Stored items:

****************************************

(* [r0] is only needed to build some function [L -> R] when [A] is empty. *)
Theorem hall_marriage (r0 : R) E A :
  marriage_condition E A -> exists f, matching E A f.
Proof.
have [m] := ubnP #|A|; elim: m A E => // m IH A E ltAm hall.
case: (pickP [pred A' : {set L} |
  [&& A' \proper A, A' != set0 & #|neighbours E A'| <= #|A'|]]) =>
    [A' /and3P[pA' nzA' tight] | surplus].
  have sA' := proper_sub pA'.
  have [f1 match1] : exists f, matching E A' f.
    apply: IH => [|A2 sA2]; first exact: leq_trans (proper_card pA') _.
    exact/hall/(subset_trans sA2 sA').
  have [f2 match2] : exists f, matching (avoid E (neighbours E A')) (A :\: A') f.
    apply: IH; last exact: marriage_condition_avoid_tight.
    by move: ltAm nzA' (proper_card pA'); rewrite cardsDS // -card_gt0; lia.
  exists (fun x => if x \in A' then f1 x else f2 x).
  have -> : A = A' :|: (A :\: A').
    by rewrite setDE setUIr setUCr setIT (setUidPr sA').
  apply: (matching_glue match1) match2 => x xA'.
  exact: mem_neighbours xA' (match1.2 x xA').
have [->|[x xA]] := set_0Vmem A.
  by exists (fun=> r0); split=> x; rewrite inE.
have [y Exy] : exists y, E x y.
  have := hall [set x]; rewrite sub1set cards1 card_gt0 => /(_ xA) /set0Pn[y].
  by rewrite inE => /existsP[x' /andP[]]; rewrite inE => /eqP->; exists y.
have [f2 match2] : exists f, matching (avoid E [set y]) (A :\ x) f.
  apply: IH; first by move: ltAm; rewrite (cardsD1 x A) xA.
  apply: marriage_condition_avoid_surplus xA => A' pA' nzA'.
  by rewrite ltnNge; apply/negbT; move: (surplus A'); rewrite /= pA' nzA'.
exists (fun z => if z \in [set x] then y else f2 z).
rewrite -(setD1K xA); apply: (matching_glue (f1 := fun=> y) _ _ match2) => [|z _].
  by split=> [z1 z2|z]; rewrite !inE => /eqP-> // /eqP->.
exact: set11.
Qed.

End HallMarriage.

Lemma card_slots (R : finType) (M : nat) (S : {set R}) (cap : R -> nat) :
  (forall r, cap r <= M) ->
  #|[set p : R * 'I_M | (p.1 \in S) && (p.2 < cap p.1)]| = \sum_(r in S) cap r.
Proof.
move=> capM; rewrite -sum1dep_card.
rewrite -(pair_big_dep (mem S) (fun r (j : 'I_M) => j < cap r) (fun _ _ => 1)) /=.
apply: eq_bigr => r _.
by rewrite (big_ord_narrow (capM r)) sum1_card card_ord.
Qed.

Theorem hall_capacity (L R : finType) (r0 : R) (cap : R -> nat)
    (E : L -> R -> bool) (A : {set L}) :
  (forall A' : {set L}, A' \subset A -> #|A'| <= \sum_(r in neighbours E A') cap r) ->
  exists2 f : L -> R, {in A, forall x, E x (f x)} &
    forall r, #|[set x in A | f x == r]| <= cap r.
Proof.
(* Split each [r] into [cap r] slots and match [A] injectively into the slots. *)
move=> hall; pose M := (\sum_r cap r).+1.
have capM r : cap r <= M by rewrite ltnW // ltnS (bigD1 r) //= leq_addr.
pose slot x (p : R * 'I_M) := E x p.1 && (p.2 < cap p.1).
have slotsN A' : neighbours slot A' =
    [set p : R * 'I_M | (p.1 \in neighbours E A') && (p.2 < cap p.1)].
  apply/setP=> p; rewrite !inE /slot; apply/existsP/andP.
    by case=> x /and3P[xA' Ex lt]; split=> //; apply/existsP; exists x; rewrite xA'.
  by case=> /existsP[x /andP[xA' Ex]] lt; exists x; rewrite xA' Ex.
have [|g [ginj gE]] := hall_marriage (r0, Ordinal (ltn0Sn _)) (E := slot) (A := A).
  by move=> A' sA'; rewrite slotsN card_slots // hall.
exists (fun x => (g x).1) => [x /gE /andP[] // | r].
have := card_slots [set r] capM; rewrite big_set1 => <-.
rewrite -(@card_in_imset _ _ g) => [|x y /setIdP[xA _] /setIdP[yA _]]; last exact: ginj.
apply/subset_leq_card/subsetP=> _ /imsetP[x /setIdP[xA /eqP gxr] ->].
by rewrite !inE gxr eqxx; case/andP: (gE x xA) => _; rewrite gxr.
Qed.

Section SharedElements.
Variables (I T : finType) (X : I -> {set T}) (B : {set I}).

Definition occurrences c := [set l in B | c \in X l].
Definition shared c := 1 < #|occurrences c|.
Definition shared_part l := [set c in X l | shared c].
Definition private_part l := X l :\: \bigcup_(l' in B :\ l) X l'.
Definition odd_shared := [set c | shared c && odd #|occurrences c|].

Definition even_subfamily :=
  exists Y : I -> {set T},
    (forall l, l \in B -> Y l \subset X l /\ 2 <= #|Y l|) /\
    forall c, ~~ odd #|[set l in B | c \in Y l]|.

Lemma card_shared_private l :
  l \in B -> #|X l| <= #|shared_part l| + #|private_part l|.
Proof.
move=> lB; apply: leq_trans (leq_card_setU _ _); apply/subset_leq_card/subsetP.
move=> c cX; rewrite !inE cX andbT /=; case: (boolP (shared c)) => //= nsh.
apply/negP=> /bigcupP[l' /setD1P[l'l l'B] cXl']; apply/(negP nsh)/card_gt1P.
by exists l', l; rewrite !inE l'B lB cX cXl'.
Qed.

Lemma card_cover_private (B' : {set I}) l :
  B' \subset B :\ l -> l \in B ->
  #|\bigcup_(l' in B') X l'| + #|private_part l| <= #|\bigcup_(l' in B) X l'|.
Proof.
move=> sB' lB; rewrite -cardsUI.
have -> : (\bigcup_(l' in B') X l') :&: private_part l = set0.
  apply/setP=> c; rewrite /private_part !inE; apply/negbTE/negP.
  case/andP=> /bigcupP[l' l'B' cX] /andP[/negP nU _]; apply: nU.
  by apply/bigcupP; exists l'; first exact: (subsetP sB').
rewrite cards0 addn0; apply/subset_leq_card; rewrite subUset.
rewrite (subset_trans (subsetDl _ _)) ?andbT; last exact: bigcup_sup.
by apply/bigcupsP=> l' /(subsetP sB') /setD1P[_ l'B]; apply: bigcup_sup.
Qed.

Lemma odd_shared_marriage_condition :
  (forall l, l \in B -> 3 <= #|shared_part l|) ->
  forall A' : {set T}, A' \subset odd_shared ->
  #|A'| <= \sum_(l in neighbours (fun c l => l \in occurrences c) A')
             (#|shared_part l| - 2).
Proof.
move=> shared3 A' sA'; rewrite -(leq_pmul2l (isT : 0 < 3)) big_distrr /=.
set N := neighbours _ A'.
have occ3 c : c \in A' -> 3 <= #|occurrences c|.
  by move/(subsetP sA'); rewrite inE /shared; case: #|_| => [|[|[|]]].
have double_count : \sum_(c in A') #|occurrences c| =
    \sum_(l in N) #|[set c in A' | l \in occurrences c]|.
  rewrite (eq_bigr (fun c => \sum_(l in occurrences c) 1)) => [|c _]; last first.
    by rewrite sum1_card.
  rewrite (exchange_big_dep (mem N)) /= => [|c l cA' lc]; last first.
    exact: mem_neighbours cA' lc.
  by apply: eq_bigr => l _; rewrite sum1dep_card.
rewrite mulnC -sum_nat_const.
apply: leq_trans (_ : _ <= \sum_(c in A') #|occurrences c|) _; first exact: leq_sum.
rewrite double_count; apply: leq_sum => l.
rewrite inE => /existsP[c /andP[_]]; rewrite inE => /andP[lB _].
apply: leq_trans (_ : _ <= #|shared_part l|) _; last by have := shared3 l lB; lia.
apply/subset_leq_card/subsetP=> c'; rewrite !inE => /andP[/(subsetP sA')].
by rewrite inE => /andP[-> _] /andP[_ ->].
Qed.

Theorem even_subfamily_of_shared :
  (forall l, l \in B -> 3 <= #|shared_part l|) -> even_subfamily.
Proof.
move=> shared3; have [B0 | [l0 _]] := set_0Vmem B.
  exists (fun=> set0); split=> [l | c]; first by rewrite B0 inE.
  rewrite (_ : [set l in B | _] = set0) ?cards0 //.
  by apply/setP=> l; rewrite !inE andbF.
have [f f_occ f_cap] :=
  @hall_capacity _ _ l0 _ _ _ (odd_shared_marriage_condition shared3).
pose moved l := [set c in odd_shared | f c == l].
exists (fun l => shared_part l :\: moved l); split=> [l lB | c].
  split; first by apply/subsetP=> c; rewrite !inE => /and3P[].
  rewrite cardsD; have := subset_leq_card (subsetIr (shared_part l) (moved l)).
  by have := f_cap l; have := shared3 l lB; rewrite -/(moved l); lia.
have [shc | nshc] := boolP (shared c); last first.
  rewrite (_ : [set l in B | _] = set0) ?cards0 //.
  by apply/setP=> l; rewrite !inE (negbTE nshc) !andbF.
have occY : [set l in B | c \in shared_part l :\: moved l] =
    occurrences c :\: (if odd #|occurrences c| then [set f c] else set0).
  apply/setP=> l; rewrite !inE shc andbT /=.
  by case: (odd #|occurrences c|); rewrite ?inE //= [f c == l]eq_sym andbCA.
rewrite occY; case: ifPn => [oddc | evenc]; last by rewrite setD0.
have fc_occ : f c \in occurrences c by apply: f_occ; rewrite inE shc.
by move: oddc; rewrite (cardsD1 (f c)) fc_occ.
Qed.

Lemma private_or_even_subfamily :
  even_subfamily \/ exists2 l, l \in B & #|X l| <= #|private_part l| + 2.
Proof.
case: (boolP [exists l in B, #|shared_part l| < 3]) => [|/existsPn big].
  case/existsP=> l /andP[lB small]; right; exists l => //.
  by have := card_shared_private lB; lia.
by left; apply: even_subfamily_of_shared => l lB; move: (big l); rewrite lB /= -leqNgt.
Qed.

Lemma even_subfamily_card l0 : even_subfamily -> l0 \in B -> 1 < #|B|.
Proof.
move=> [Y [YX Yeven]] l0B.
have /set0Pn[c cY] : Y l0 != set0.
  by rewrite -card_gt0; have := (YX l0 l0B).2; lia.
have := Yeven c; set S := [set l in B | c \in Y l] => evenS.
have S_gt1 : 1 < #|S|.
  have : 0 < #|S| by rewrite card_gt0; apply/set0Pn; exists l0; rewrite inE l0B cY.
  by move: evenS; case: #|S| => [|[|]].
apply: leq_trans S_gt1 (subset_leq_card _).
by apply/subsetP=> l; rewrite inE => /andP[].
Qed.

End SharedElements.

Section Segments.
Variables (T : finType) (n k : nat) (X : 'I_n -> {set T}).
Hypotheses (k_gt0 : 0 < k) (card_X : forall l, #|X l| = k).

Definition segment a b := [set l : 'I_n | a <= l < b].
Definition segment_cover a b := \bigcup_(l in segment a b) X l.
Definition has_even_interval a b := exists i j : 'I_n,
  [/\ a <= i, i < j & j < b] /\ even_subfamily X [set l : 'I_n | i <= l <= j].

****************************************

• PROBLEM TO WORK ON:
Nothing beyond the line containing "[&& A' \proper" is to be output; the lines above, from the first one onward to that line, are to be transcribed exactly.

• YOUR SOLUTION:
(* [r0] is only needed to build some function [L -> R] when [A] is empty. *)
Theorem hall_marriage (r0 : R) E A :
  marriage_condition E A -> exists f, matching E A f.
Proof.
have [m] := ubnP #|A|; elim: m A E => // m IH A E ltAm hall.
case: (pickP [pred A' : {set L} |
  [&& A' \proper A, A' != set0 & #|neighbours E A'| <= #|A'|]]) =>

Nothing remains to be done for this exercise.